萊維尼先生強調說,表面上看,我們的教育是公平的,但事實上它真的公平嗎?他認為,要真正把這一問題考量清楚,還是要從接受不同教育的人未來生活質量入手,研究教育成本與人的未來發展之間的關係。因為許多原因,我們並不十分重視處在弱勢一方的職業技能教育的投入狀況,所以職業教育的學生視野太窄、技能單一,尤其是再就業的能力相對較差,這樣又怎麼能保證他們有一個美好的未來呢?
他堅決反對單純強調人才培養的社會需要學說。有人一味地把人當作機器,認為職業教育是應付工業社會發展的人力資源工廠。車間需要機器,也需要技工,所以,我們既需要製造機器,也需要製造人才,特別是製造技工。站在這樣一個層次上思考問題,已經遠離了教育的本義。“教育的應有之義,就在於關注人的生命質量”,萊維尼先生有些激動地說,“我們不能容許美國的教育滑向製造工具的谷底。”
我也被萊維尼先生的情緒所感染,心裡很有些共鳴,我們的教育正面臨著同樣的挑戰,但願我們的職業教育能夠避開這樣的彎路。
印度著名哲學家克里希那穆提在《我們需要怎樣的教育》一文中指出,“生命並不只是一份工作和職業而已,生命是極為廣闊而深奧的,它是一個偉大的謎,在這個浩瀚的領域中,我們有幸生為人類。如果我們活著只是為了謀生,我們就失去了生命的整個重點。”
教育,關注生命質量(2)
考察美國學校,已經從校長、教師的口裡聽到了這樣的呼聲,美國人注意到了這一點,已經對學生的教育增加了學術傾向的課程,即使是一些以職業教育為主的學校,數學、科學、閱讀等教學也在進一步加強。瑞典、芬蘭等一些歐洲國家已經將職業教育與普通教育同時在一所學校內實施,增加大量學術與職業傾向的選修課程,以更有效地尊重學生的選擇,而不是過早地把學生分流到普通教育或者職業教育學校。最近,香港剛剛透過的學制與課程改革方案,也是同樣的架構。
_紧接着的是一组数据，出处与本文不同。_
Lemma falling_nat n k : falling n%:R k = (n ^_ k)%:R.
Proof.
elim: k => [|k IH]; first by rewrite falling0 ffactn0.
rewrite fallingS IH ffactnSr.
have [kn|nk] := leqP k n; first by rewrite natrM natrB.
by rewrite ffact_small // !mul0r.
Qed.

Lemma falling_vandermonde s y n :
  falling (s + y) n = \sum_(i < n.+1) 'C(n, i)%:R * falling s i * falling y (n - i)%N.
Proof.
elim: n => [|n IH]; first by rewrite big_ord1 bin0 subnn !falling0 !mul1r.
pose L i := 'C(n, i)%:R * falling s i.+1 * falling y (n - i)%N.
pose U i := 'C(n, i)%:R * falling s i * falling y (n - i).+1.
have split_term (i : 'I_n.+1) : 'C(n, i)%:R * falling s i * falling y (n - i)%N *
    (s + y - n%:R) = L i + U i.
  have hi : (i <= n)%N by rewrite -ltnS.
  by rewrite /L /U !fallingS -[in n%:R](subnKC hi) natrD; ring.
pose D := \sum_(i < n) 'C(n, i.+1)%:R * falling s i.+1 * falling y (n - i)%N.
have sumU : \sum_(i < n.+1) U i = falling y n.+1 + D.
  rewrite big_ord_recl /U bin0 falling0 subn0 !mul1r; congr (_ + _).
  by apply: eq_bigr => i _; rewrite lift0 subnSK.
have pascal (i : 'I_n.+1) : 'C(n.+1, i.+1)%:R * falling s i.+1 * falling y (n.+1 - i.+1)%N
    = L i + 'C(n, i.+1)%:R * falling s i.+1 * falling y (n - i)%N.
  by rewrite /L binS natrD subSS !mulrDl addrC.
rewrite fallingS IH mulr_suml (eq_bigr _ (fun i _ => split_term i)) big_split /= sumU.
rewrite [RHS]big_ord_recl /= bin0 falling0 subn0 !mul1r.
rewrite (eq_bigr _ (fun i _ => pascal i)) big_split /= [X in _ = _ + (_ + X)]big_ord_recr /=.
by rewrite bin_small // !mul0r addr0 -/D; ring.
Qed.

Lemma fallingN1 k j : (-1) ^+ j * falling (-1 - k%:R) j * k`!%:R = (k + j)`!%:R.
Proof.
elim: j => [|j IH]; first by rewrite expr0 falling0 !mul1r addn0.
by rewrite addnS factS exprS fallingS natrM -IH -addn1 !natrD; ring.
Qed.

Hypothesis K_char0 : has_char0 K.

Lemma natf_fact_neq0 n : n`!%:R != 0 :> K.
Proof. by move/pcharf0P: K_char0 => ->; rewrite -lt0n fact_gt0. Qed.

Lemma binomK_nat n k : binomK (n%:R : K) k = 'C(n, k)%:R.
Proof.
by rewrite /binomK -/(falling _ _) falling_nat -bin_ffact natrM mulfK ?natf_fact_neq0.
Qed.

Lemma binomK_vandermonde s y n :
  binomK (s + y : K) n = \sum_(i < n.+1) binomK s i * binomK y (n - i)%N.
Proof.
rewrite /binomK -/(falling _ _) falling_vandermonde mulr_suml.
apply: eq_bigr => i _; have hi : (i <= n)%N by rewrite -ltnS.
rewrite -/(falling _ _) -/(falling _ _) -(bin_fact hi) !natrM.
have Cni : 'C(n, i)%:R != 0 :> K by move/pcharf0P: K_char0 => ->; rewrite -lt0n bin_gt0.
by field; rewrite Cni !natf_fact_neq0.
Qed.

Lemma fact_binomKN1 k j :
  k`!%:R * ((-1) ^+ j * j`!%:R * binomK (-1 - k%:R : K) j) = (k + j)`!%:R.
Proof.
rewrite -fallingN1 /binomK -/(falling _ _).
by field; rewrite natf_fact_neq0.
Qed.

End FallingFactorial.

Section UnboundedResidueClasses.
Variables (R : realDomainType) (a : nat -> R).

Definition unbounded_on_class q c := forall M : R, exists n, (n %% q = c)%N /\ M < a n.

Lemma unbounded_on_class_lt q c : (0 < q)%N -> unbounded_on_class q c -> (c < q)%N.
Proof. by move=> q0 /(_ 0) [n [<- _]]; rewrite ltn_mod. Qed.

Lemma uniform_bound (P : nat -> R -> Prop) :
  (forall d M M', P d M -> M <= M' -> P d M') ->
  (forall d, exists M, P d M) -> forall B, exists M, forall d, (d < B)%N -> P d M.
Proof.
move=> mono h; elim => [|B [M HM]]; first by exists 0.
have [M' HM'] := h B; exists (Num.max M M') => d; rewrite ltnS leq_eqVlt.
case/orP => [/eqP ->|dB]; first by apply: mono HM' _; rewrite le_max lexx orbT.
by apply: mono (HM d dB) _; rewrite le_max lexx.
Qed.

Lemma unbounded_on_class_refine q q' c : (q %| q')%N -> (0 < q')%N ->
  unbounded_on_class q c -> exists d, (d %% q = c)%N /\ unbounded_on_class q' d.
Proof.
move=> qq' q'0 unb; apply: NNPP => no_refinement.
pose P d M := (d %% q = c)%N -> forall n, (n %% q' = d)%N -> a n <= M.
have bounded d : exists M, P d M.
  apply: NNPP => unb_d; apply: no_refinement; exists d; split.
    by apply: NNPP => dc; apply: unb_d; exists 0 => /dc.
  move=> M; apply: NNPP => hM; apply: unb_d; exists M => _ n hn.
  by rewrite leNgt; apply/negP => lt; apply: hM; exists n.
have mono d M M' : P d M -> M <= M' -> P d M'.
  by move=> h MM' dc n hn; apply: le_trans MM'; apply: h.
have [M HM] := uniform_bound mono bounded q'.
have [n [nc lt_M]] := unb M.
have := HM (n %% q')%N; rewrite ltn_mod q'0 /P modn_dvdm // => /(_ isT nc n erefl).
by rewrite leNgt lt_M.
Qed.

Lemma unbounded_nested_classes q : (1 < q)%N -> (forall M, exists n, M < a n) ->
  exists cs : nat -> nat, (forall m, unbounded_on_class (q ^ m) (cs m)) /\
    (forall m m', (m <= m')%N -> cs m' = cs m %[mod q ^ m]).
Proof.
move=> q1 unb.
pose next m c := epsilon (inhabits 0%N)
  (fun d => (d %% q ^ m = c)%N /\ unbounded_on_class (q ^ m.+1) d).
pose cs := nat_rect (fun _ => nat) 0%N next.
have next_spec m : unbounded_on_class (q ^ m) (cs m) ->
    (cs m.+1 %% q ^ m = cs m)%N /\ unbounded_on_class (q ^ m.+1) (cs m.+1).
  move=> hm; apply: (epsilon_spec (inhabits 0%N)
    (fun d => (d %% q ^ m = cs m)%N /\ unbounded_on_class (q ^ m.+1) d)).
  apply: unbounded_on_class_refine hm; first exact: dvdn_exp2l.
  by rewrite expn_gt0 ltnW.
have cs_unb m : unbounded_on_class (q ^ m) (cs m).
  elim: m => [|m IH]; last exact: (next_spec m IH).2.
  by move=> M; have [n hn] := unb M; exists n; rewrite expn0 modn1.
exists cs; split => // m; elim => [|m' IH]; first by rewrite leqn0 => /eqP ->.
rewrite leq_eqVlt => /orP [/eqP <- //|]; rewrite ltnS => le_mm'.
by rewrite -(IH le_mm') -[in RHS](next_spec m' (cs_unb m')).1 modn_dvdm // dvdn_exp2l.
Qed.
End UnboundedResidueClasses.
這應該是人類在經過上下求索之後,逐步認識自我、走向自我的必然。
我們的教育目前也處在了一個需要澄清人生與教育本義的十字路口,社會的功利帶來了校園的浮躁,把學生為本、學生為中心拋到一邊,漠視學生選擇的權利,強行分流學生,硬性劃定分流比例,並且不以為錯,反而將這一切說成冠冕堂皇的社會需要。
我記起了蘇霍姆林斯基給我們的忠告:“在教學大綱和教科書中,規定了給予學生各種知識,但卻沒有給予學生最重要的東西,這就是——幸福。理想的教育是:培養真正的人,讓每一個從自己手裡培養出來的人都能幸福地度過一生。這就是教育應該追求的恆久性、終極性價值。”
我想到了我們的教育方針,教育的最終落腳點到底該放在哪裡?是致力於把人培養成工具,還是關注人一生的幸福?
在“Yes”和“No”之間(1)
晚上5點10分到6點40分,是蘇姍小姐的《課程設計》課。蘇姍小姐很年輕,看上去渾身充滿活力。在這樣的課堂裡,學生也顯得格外精神。
一上課,她首先發給每位同學一張卡片,而且提出了一個問題:對優秀學生和智力障礙學生的教學是分開組織還是合併組織?她要求大家就此發表看法。